Ele saiu do hospital sem uma parte de si. Andou alguns quarteirões com passos largos, até que não aguentou mais e sussurrou olhando pro céu.
- Ainda não tô pronto pra perder.
Nunca foi tão grato a falta de iluminação pública e a cegueira parcial que a noite causava.
Certamente, não era conhecido por muitos, mas não custava nada prevenir a si de um dia encontra alguém que lhe dissesse algo como "me lembro de você, te vi um dia chorando na calçada. Embora tivesse passos apressados, consegui notar que havia alguma coisa errada".
Chorar não é coisa de homem. Pelo menos foi educado assim, claro, nunca nessas palavras, pra ser sincero. Nunca lhe privaram o choro, mas ele sentia que era errado para um homem demonstrar fraqueza. Algo que desde percebeu, ainda quando pequeno, foi o fato de a sociedade prezar a ideia de que os homens precisam, na verdade devem, ser fortes por eles e pelas mulheres. Mulheres, que sim, tem todo direito de demonstrar sentimentalismo, abraçar umas as outras e beijar seus rostos em público. Mulheres que podem chorar livremente, sem precisar se esconder pra fazer isso.Mas algumas vezes o choro se mostra tão sufocante que te rouba o fôlego enquanto não escorre olhos à baixo.
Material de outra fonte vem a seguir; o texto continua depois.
(* Let $\mathsf{Op}$ be an operational theory and $\widetilde{\mathsf{Op}}$ its associated GPT, with quotient map $\sim:\mathsf{Op}\to\widetilde{\mathsf{Op}}$, $T\mapsto\widetilde T$. Then there is a one-to-one correspondence between noncontextual ontological models $\xi_{\mathrm{nc}}:\mathsf{Op}\to\mathbf{SubStoch}$ of $\mathsf{Op}$ and ontological models $\widetilde\xi:\widetilde{\mathsf{Op}}\to\mathbf{SubStoch}$ of $\widetilde{\mathsf{Op}}$, given by $\widetilde\xi\mapsto\widetilde\xi\circ\sim$ (with inverse $\xi_{\mathrm{nc}}\mapsto$ the map $\widetilde T\mapsto\xi_{\mathrm{nc}}(T)$ for any representative $T$ of $\widetilde T$).
   Context: A process theory consists of systems (closed under a composition $A\otimes B$, with a trivial system $I$) and processes $T:A\to B$, closed under sequential composition $\circ$ and parallel composition $\otimes$ and containing identities; processes $I\to A$ are states (preparations), $A\to I$ effects, $I\to I$ closed diagrams. An operational theory is a process theory $\mathsf{Op}$ (whose processes are laboratory procedures) together with a probability rule $p$ assigning to each closed diagram $D$ a number $p(D)\in[0,1]$, with $p(D_1\otimes D_2)=p(D_1)p(D_2)$. A tester for type $A\to B$ is a triple $\tau=(s,e,W)$ of a system $W$, a process $s:I\to A\otimes W$ and a process $e:B\otimes W\to I$; write $\tau[T]:=e\circ(T\otimes\mathrm{id}_W)\circ s$. Processes $T,T':A\to B$ are operationally equivalent, $T\simeq T'$, iff $p(\tau[T])=p(\tau[T'])$ for all testers $\tau$. Standing assumptions: for any processes $T_2,T_3$ of the same type and $\omega\in[0,1]$ there is a process $T_1$ (their mixture with weights $\omega,1-\omega$) with $p(\tau[T_1])=\omega p(\tau[T_2])+(1-\omega)p(\tau[T_3])$ for all testers $\tau$; if an effect $E_1$ is the coarse-graining of effects $E_2,E_3$ then $p(E_1\circ P)=p(E_2\circ P)+p(E_3\circ P)$ for all states $P$; all deterministic effects on a system (implement a measurement and ignore its outcome) are operationally equivalent; and (finite tomography) for each type $A\to B$ there are finitely many testers $\tau_1,\dots,\tau_m$ with $T\simeq T'$ iff $p(\tau_\alpha[T])=p(\tau_\alpha[T'])$ for all $\alpha$. The associated GPT $\widetilde{\mathsf{Op}}$ has the same systems, and its processes are the equivalence classes $\widetilde T$ of $\simeq$, composed via representatives ($\widetilde R\circ\widetilde T:=\widetilde{R\circ T}$, $\widetilde R\otimes\widetilde T:=\widetilde{R\otimes T}$); the quotient map $\sim$ is diagram-preserving, and closed diagrams are identified with their probabilities. Each $\widetilde T$ of type $A\to B$ is identified with the vector $(p(\tau_\alpha[T]))_\alpha\in\mathbb{R}^m$, which gives meaning to linear combinations of equivalence classes; if $T_1$ is a mixture of $T_2,T_3$ with weights $\omega,1-\omega$ then $\widetilde T_1=\omega\widetilde T_2+(1-\omega)\widetilde T_3$. The common class of deterministic effects on $A$ is denoted $u_A$. $\mathbf{SubStoch}$ is the process theory whose systems are spaces $\mathbb{R}^\Lambda$ of real functions on finite sets $\Lambda$ (with $\mathbb{R}^{\Lambda}\otimes\mathbb{R}^{\Lambda'}=\mathbb{R}^{\Lambda\times\Lambda'}$, trivial system $\mathbb{R}$), and whose processes are substochastic maps (linear maps with matrix $f(\lambda'|\lambda)\in[0,1]$, $\sum_{\lambda'}f(\lambda'|\lambda)\le1$), composed by composition and tensor product of maps; $\mathbf{1}_\Lambda$ denotes the all-ones covector $v\mapsto\sum_\lambda v(\lambda)$. A map $\xi$ from a process theory to $\mathbf{SubStoch}$ is diagram-preserving if it sends each system $A$ to some $\mathbb{R}^{\Lambda_A}$ with $A\otimes B\mapsto\mathbb{R}^{\Lambda_A}\otimes\mathbb{R}^{\Lambda_B}$, $I\mapsto\mathbb{R}$, and each process $A\to B$ to a substochastic map $\mathbb{R}^{\Lambda_A}\to\mathbb{R}^{\Lambda_B}$, preserving $\circ$, $\otimes$ and identities. An ontological model of $\mathsf{Op}$ is a diagram-preserving $\xi:\mathsf{Op}\to\mathbf{SubStoch}$ such that (1) every deterministic effect on $A$ is mapped to $\mathbf{1}_{\Lambda_A}$; (2) $\xi(D)=p(D)$ for every closed diagram $D$; (3) if $T_1$ is a mixture of $T_2,T_3$ with weights $\omega,1-\omega$ then $\xi(T_1)=\omega\xi(T_2)+(1-\omega)\xi(T_3)$, and if an effect is the coarse-graining of effects its image is the sum of their images. It is noncontextual if $T\simeq T'$ implies $\xi(T)=\xi(T')$. An ontological model of $\widetilde{\mathsf{Op}}$ is a diagram-preserving $\widetilde\xi:\widetilde{\mathsf{Op}}\to\mathbf{SubStoch}$ such that (1) $\widetilde\xi(u_A)=\mathbf{1}_{\Lambda_A}$; (2) $\widetilde\xi$ maps every closed diagram to its probability; (3) whenever $\widetilde T_1=\omega\widetilde T_2+(1-\omega)\widetilde T_3$ then $\widetilde\xi(\widetilde T_1)=\omega\widetilde\xi(\widetilde T_2)+(1-\omega)\widetilde\xi(\widetilde T_3)$, and likewise coarse-graining relations among effects are preserved. *)

From HB Require Import structures.
From mathcomp Require Import all_boot all_order all_algebra.
From mathcomp Require Import reals.
From Stdlib Require Import IndefiniteDescription.

Set Implicit Arguments.
Unset Strict Implicit.
Unset Printing Implicit Defensive.

Import Order.TTheory GRing.Theory Num.Theory.
Local Open Scope ring_scope.

Record ProcTheory := MkProcTheory {
  Sys : Type;
  unitS : Sys;
  tens : Sys -> Sys -> Sys;
  Proc : Sys -> Sys -> Type;
  comp : forall A B C : Sys, Proc B C -> Proc A B -> Proc A C;
  par : forall A B C D : Sys, Proc A B -> Proc C D -> Proc (tens A C) (tens B D);
  idp : forall A : Sys, Proc A A }.

Arguments Proc : clear implicits.
Arguments tens : clear implicits.
Arguments unitS {p}.
Arguments comp {p A B C}.
Arguments par {p A B C D}.
Arguments idp {p}.

Record tester (P : ProcTheory) (A B : Sys P) := Tester {
  tW : Sys P;
  ts : Proc P unitS (tens P A tW);
  te : Proc P (tens P B tW) unitS }.

Definition apply_tester (P : ProcTheory) (A B : Sys P) (t : tester A B)
  (T : Proc P A B) : Proc P unitS unitS :=
  comp (te t) (comp (par T (idp (tW t))) (ts t)).

Definition opeq (P : ProcTheory) (X : Type) (p : Proc P unitS unitS -> X)
  (A B : Sys P) (T T' : Proc P A B) : Prop :=
  forall t : tester A B, p (apply_tester t T) = p (apply_tester t T').

Record OpTheory (R : realType) := MkOpTheory {
  OpPT :> ProcTheory;
  tensIl : forall A : Sys OpPT, tens OpPT unitS A = A;
  tensIr : forall A : Sys OpPT, tens OpPT A unitS = A;
  tensA : forall A B C : Sys OpPT,
      tens OpPT (tens OpPT A B) C = tens OpPT A (tens OpPT B C);
  prob : Proc OpPT unitS unitS -> R;
  prob_range : forall D, 0 <= prob D <= 1;
  prob_mult : forall D1 D2 : Proc OpPT unitS unitS,
      prob (eq_rect _ (fun Z => Proc OpPT Z Z) (par D1 D2) _ (tensIl unitS))
      = prob D1 * prob D2;
  (* mix w T1 T2 T3 : T1 is the mixture of T2, T3 with weights w, 1 - w *)
  mix : forall A B : Sys OpPT,
      R -> Proc OpPT A B -> Proc OpPT A B -> Proc OpPT A B -> Prop;
  mix_ex : forall (A B : Sys OpPT) (w : R) (T2 T3 : Proc OpPT A B),
      0 <= w <= 1 -> exists T1, mix w T1 T2 T3;
  mix_prob : forall (A B : Sys OpPT) (w : R) (T1 T2 T3 : Proc OpPT A B),
      mix w T1 T2 T3 ->
      0 <= w <= 1 /\
      forall t : tester A B, prob (apply_tester t T1)
        = w * prob (apply_tester t T2) + (1 - w) * prob (apply_tester t T3);
  (* cg E1 E2 E3 : effect E1 is the coarse-graining of effects E2, E3 *)
  cg : forall A : Sys OpPT,
      Proc OpPT A unitS -> Proc OpPT A unitS -> Proc OpPT A unitS -> Prop;
  cg_prob : forall (A : Sys OpPT) (E1 E2 E3 : Proc OpPT A unitS),
      cg E1 E2 E3 -> forall P : Proc OpPT unitS A,
      prob (comp E1 P) = prob (comp E2 P) + prob (comp E3 P);
  det : forall A : Sys OpPT, Proc OpPT A unitS -> Prop;
  det_ex : forall A : Sys OpPT, exists E : Proc OpPT A unitS, det E;
  det_eq : forall (A : Sys OpPT) (E E' : Proc OpPT A unitS),
      det E -> det E' -> opeq prob E E';
  fidn : Sys OpPT -> Sys OpPT -> nat;
  fid : forall A B : Sys OpPT, 'I_(fidn A B) -> tester A B;
  fid_tomo : forall (A B : Sys OpPT) (T T' : Proc OpPT A B),
      opeq prob T T' <->
      (forall i, prob (apply_tester (fid i) T) = prob (apply_tester (fid i) T'));
  (* operational equivalence is a congruence (well-definedness of the GPT,
     guaranteed by the diagrammatic/monoidal structure of process theories) *)
  opeq_comp : forall (A B C : Sys OpPT) (S1 S2 : Proc OpPT B C) (T1 T2 : Proc OpPT A B),
      opeq prob S1 S2 -> opeq prob T1 T2 -> opeq prob (comp S1 T1) (comp S2 T2);
  opeq_par : forall (A B C D : Sys OpPT) (f f' : Proc OpPT A B) (g g' : Proc OpPT C D),
      opeq prob f f' -> opeq prob g g' -> opeq prob (par f g) (par f' g') }.

Arguments prob {R o}.
Arguments mix {R o A B}.
Arguments cg {R o A}.
Arguments det {R o A}.
Arguments fid {R o A B}.
Arguments fidn {R} o.
Arguments det_ex {R} o A.

Section GPT.
Variables (R : realType) (Op : OpTheory R).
Lembrou-se que em sua adolescência costumava ridicularizar quando via qualquer garotinha chorando na rua, normalmente por conta de namorado. Imagina que não havia nada prudente que justificasse tal vexame, tal postura.
Mas o mundo dá voltas. Ele passava agora por uma situação que ria a alguns anos atrás. Se achar imune a determinada situação, apenas por ser homem e "maduro", foi uma lição que aprendeu ao sentir na própria pele.
Sentou em uma calçada qualquer, enxugou um pouco os olhos.
Deixou seu olhar se perde no vazio das poucas pessoas que por ali passavam. Deixou suas mente sobrevoar, capturando coisas imperceptíveis aos que vivem da pressa. Ali, naquele exato lugar o tempo rastejava. Desejou poder trazer Melissa ao seu encontro, e ali, passar uma longa eternidade de poucos momentos.